Is your home studio holding you back?

You’ve done all the right things to get started in Voice Over.
Attended courses/ workshops and/or had some professional coaching/ mentoring and along the way putting in LOTS of practise, recording anything you could get your hands on. You feel like you’re ready to really put yourself out there and start pitching for some paid work so you jump onto some casting websites and start auditioning.

For any independent, self-recording voice over artist this is the hard part. You feel like you’re nailing the brief for each audition but you’re just not landing jobs. Here are some thoughts on why that may be.

Firstly, remember that Voice Over is competitive. There are a LOT more people doing it now, and while there is also a much greater variety of work you could be part of a very large pool of talent pitching for the same job.

Are you really ready? Don’t directly compare yourself with other Voice Over Artists but DO listen to them. Are you confident with your reads? How many times do you need to read a script to get a great take? Are you just reading the words and hoping they like the sound of your voice or are you truly delivering the meaning and feeling of the script. A voice that’s easy on the ear is a start but a voice that can really sell a product or make the listener feel something and take them on a journey is better.

Does your recording sound like it was done in a cupboard?
Yes. That’s a serious question.
As someone who regularly casts Voice Over Artists who record in their own studios I need to let you know this – If I can hear the walls in your recording it’s a deal breaker.
What I mean by this is that if you’re recording space isn’t acoustically treated, the sound of your voice will bounce off the walls (and other hard surfaces) and be captured by the microphone. An extreme example of this is when you sing to yourself in the bathroom and your voice comes booming back at you thanks to all those lovely tiled surfaces. Great for singing to yourself, not so much for recording.
When faced with the choice of voice talent who have the right vocal age/tone for a script and skills to deliver it. If the requirement is they are recording in their own studio, the best recording sound will win.

It’s not as hard to get right as you think.
Firstly, unless your home studio solution is one of the commercially available standalone booths, you’ll never achieve anything close to sound proof. I hear a lot of people talk about sound proofing but what they are really talking about is sound deadening, acoustically treating the space to absorb sound that would normally be reflected off walls and other hard surfaces.

Jump onto eBay and search “Studio Acoustic Foam”. A few packs of these on walls and the ceiling will make a big difference to your recording space and they’re not that expensive. Add to that plenty of soft furnishings, even stuffed toys and your rooms is going to sound much less ‘roomy’. You can achieve the same in a walk-in robe that has plenty of clothes hanging up in it also.
The key here is to experiment both with what you can do to change the sound of the room, but also in where you have your microphone placed in the room and even what type of microphone you’re using. For example a mini-shotgun microphone such as a Sennheiser 416 is much more forgiving than a larger diaphragm Rode NT1 in a less than perfect room as the 416 has a much tighter pickup pattern.

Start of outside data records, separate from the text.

(* For every positive integer $m$, $$G_{-m}(\lambda)=(1+\zeta)^{m+1}\sum_{k=1}^m\left\{\!\left\{{m+k\atop k}\right\}\!\right\}\zeta^k,\qquad\text{where }\zeta=\frac{\lambda}{1-\lambda},$$ as an identity of formal power series (equivalently, of rational functions) in $\lambda$.
   Context: For an integer $m$ let $R_m(z)=\sum_{n\ge1} n^{n-m}\frac{z^n}{n!}$. Let $T(z)=\sum_{n\ge1}n^{n-1}\frac{z^n}{n!}$, which satisfies $T(z)=z e^{T(z)}$, so its compositional inverse is $z=\lambda e^{-\lambda}$. Define $G_m(\lambda):=R_m(\lambda e^{-\lambda})$, so $G_m(T(z))=R_m(z)$; then $\zeta=\lambda/(1-\lambda)$ equals $G_0(\lambda)$. The second-order Stirling numbers (associated Stirling numbers of the second kind) $\{\{{n\atop k}\}\}$ are the numbers of partitions of an $n$-element set into $k$ blocks each of size at least $2$; equivalently $\{\{{0\atop 0}\}\}=1$, $\{\{{n\atop k}\}\}=0$ when $n<0$ or $k\le 0$ with $(n,k)\neq(0,0)$, and $\{\{{n\atop k}\}\}=k\{\{{n-1\atop k}\}\}+(n-1)\{\{{n-2\atop k-1}\}\}$ for $n\ge1$. *)

From mathcomp Require Import all_boot all_order all_algebra.
Set Implicit Arguments. Unset Strict Implicit. Unset Printing Implicit Defensive.
Import Order.TTheory GRing.Theory Num.Theory.
Local Open Scope ring_scope.

Definition fps := nat -> rat.

Definition fone : fps := fun n => (n == 0%N)%:R.
Definition fX : fps := fun n => (n == 1%N)%:R.
Definition fadd (f g : fps) : fps := fun n => f n + g n.
Definition fmul (f g : fps) : fps :=
  fun n => \sum_(i < n.+1) f i * g (n - i)%N.
Fixpoint fpow (f : fps) (k : nat) : fps :=
  if k is k'.+1 then fmul f (fpow f k') else fone.

(* composition g(f), for f with zero constant term:
   [x^n] g(f) = sum_{k<=n} g_k [x^n] f^k  (terms k>n vanish since f 0 = 0) *)
Definition fcomp (g f : fps) : fps :=
  fun n => \sum_(k < n.+1) g k * fpow f k n.

Definition fexpneg : fps := fun n => (-1) ^+ n / (n`!)%:R.
Definition flamexp : fps := fmul fX fexpneg.

Definition Rser (m : int) : fps :=
  fun n => if n is 0%N then 0 else (n%:R : rat) ^ (n%:Z - m) / (n`!)%:R.

Definition Gser (m : int) : fps := fcomp (Rser m) flamexp.

(* zeta = lambda/(1-lambda) = lambda * sum_j lambda^j *)
Definition fgeom : fps := fun _ => 1.
Definition zeta : fps := fmul fX fgeom.

(* second-order (associated) Stirling numbers of the second kind, via
   S(0,0)=1, S(n,k)=0 if k<=0 and (n,k)<>(0,0),
   S(n,k) = k S(n-1,k) + (n-1) S(n-2,k-1) for n>=1 (S(-1,_)=0). *)
Fixpoint stirling2nd (n k : nat) {struct n} : nat :=
  match n with
  | 0%N => (k == 0%N)
  | n1.+1 =>
      match n1 with
      | 0%N => 0%N
      | n2.+1 =>
          match k with
          | 0%N => 0%N
          | k1.+1 => (k * stirling2nd n1 k + n1 * stirling2nd n2 k1)%N
          end
      end
  end.

(* Since [λ^N] (λ e^{-λ})^n = (-n)^{N-n} / (N-n)!, the coefficient of λ^N in
   G_{-m} is the finite difference (1/N!) Σ_n (-1)^{N-n} C(N,n) n^{N+m}, i.e. the
   Stirling number S(N+m, N).  On the other side 1 + ζ = 1/(1-λ) and ζ = λ/(1-λ),
   so [λ^N] (1+ζ)^{m+1} ζ^k = C(N+m, m+k); modulo λ^{N+1} these series are the
   polynomials w = 1 + λ + ... + λ^N and w - 1 ≡ λ w.  The theorem thus reduces to
   S(N+m, N) = Σ_k C(N+m, m+k) {{m+k, k}}: choose the m+k elements lying in
   non-singleton blocks and partition them into k blocks of size at least 2. *)

From mathcomp Require Import all_boot all_order all_algebra.
From mathcomp Require Import zify ring.
Import GRing.Theory Num.Theory.

Lemma big_nat_trunc {R : Type} {idx : R} (op : Monoid.law idx) a b (F : nat -> R) :
  (a <= b)%N -> (forall i, (a <= i < b)%N -> F i = idx) ->
  \big[op/idx]_(0 <= i < b) F i = \big[op/idx]_(0 <= i < a) F i.
Proof.
move=> le_ab F0; rewrite (@big_cat_nat _ _ _ a 0 b) //=.
rewrite -[RHS](Monoid.mulm1 op); congr (op _ _).
by rewrite big_nat_cond big1 // => i /andP[/F0].
Qed.

Lemma stirling2ndSS n k : stirling2nd n.+2 k.+1 =
  (k.+1 * stirling2nd n.+1 k.+1 + n.+1 * stirling2nd n k)%N.
Proof. by []. Qed.

Lemma stirling2ndS0 n : stirling2nd n.+1 0 = 0%N.
Proof. by case: n. Qed.

Lemma stirling2nd_small n k : (n < 2 * k)%N -> stirling2nd n k = 0%N.
Proof.
elim: n {-2}n (leqnn n) k => [|M IH] [|[|n]] // le_nM [|k] // lt_n2k.
by rewrite stirling2ndSS !IH //; lia.
Qed.

Lemma bin_stirling2ndSS n m j :
  ('C(n, m + j.+1) * stirling2nd (m.+1 + j.+1) j.+1 =
   j.+1 * ('C(n, m + j.+1) * stirling2nd (m + j.+1) j.+1)
   + (n - (m + j)) * ('C(n, m + j) * stirling2nd (m + j) j))%N.
Proof.
rewrite addSn !addnS stirling2ndSS mulnDr mulnCA; congr (_ + _)%N.
by rewrite mulnCA !mulnA mulnC mul_bin_left mulnC.
Qed.

Fixpoint stirling2 (p N : nat) : nat :=
  match p, N with
  | 0, 0 => 1
  | 0, _.+1 | _.+1, 0 => 0
  | p'.+1, N'.+1 => N'.+1 * stirling2 p' N'.+1 + stirling2 p' N'
  end.

Lemma stirling2_small p N : (p < N)%N -> stirling2 p N = 0%N.
Proof. by elim: p N => [|p IH] [|N] //= lt_pN; rewrite !IH //; lia. Qed.

Lemma stirling2nn N : stirling2 N N = 1%N.
Proof. by elim: N => //= N ->; rewrite stirling2_small ?muln0. Qed.

(* Partitions of an (N + m)-set into N blocks, counted by the number k of
   blocks of size at least 2: these blocks cover m + k elements. *)
Definition split_singletons (m N : nat) : nat :=
  \sum_(0 <= k < N.+1) 'C(N + m, m + k) * stirling2nd (m + k) k.

Lemma split_singletons_widen m N B : (N < B)%N ->
  split_singletons m N = \sum_(0 <= k < B) 'C(N + m, m + k) * stirling2nd (m + k) k.
Proof.
move=> lt_NB; rewrite (big_nat_trunc _ _ _ _ lt_NB) // => k /andP[lt_Nk _].
by rewrite bin_small ?mul0n //; lia.
Qed.

Lemma split_singletons0 N : split_singletons 0 N = 1%N.
Proof.
rewrite /split_singletons big_nat_recl // big1_seq ?addn0 ?bin0 // => k _.
by rewrite stirling2nd_small ?muln0 //; lia.
Qed.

If noise is your problem then mitigation is your solution, not post-production. This may mean you need to record at times when there is less external noise (such as traffic) or turning the heating/cooling off while recording to eliminate ambient sounds. While there are some excellent noise removal tools available you need to understand that when they remove the noise they can also degrade the quality of your voice recording. If the person receiving your recording is an experienced sound engineer they will want a completely raw, unprocessed recording – so no noise reduction applied either.

Now that I’ve laid all that out for you it’s also important to know that it also works the other way. You can have a $5000 Microphone and a StudioBricks Voice Booth but if you don’t have the Voice Over Skills to go with the professional hardware you’re not getting your investment back any time soon.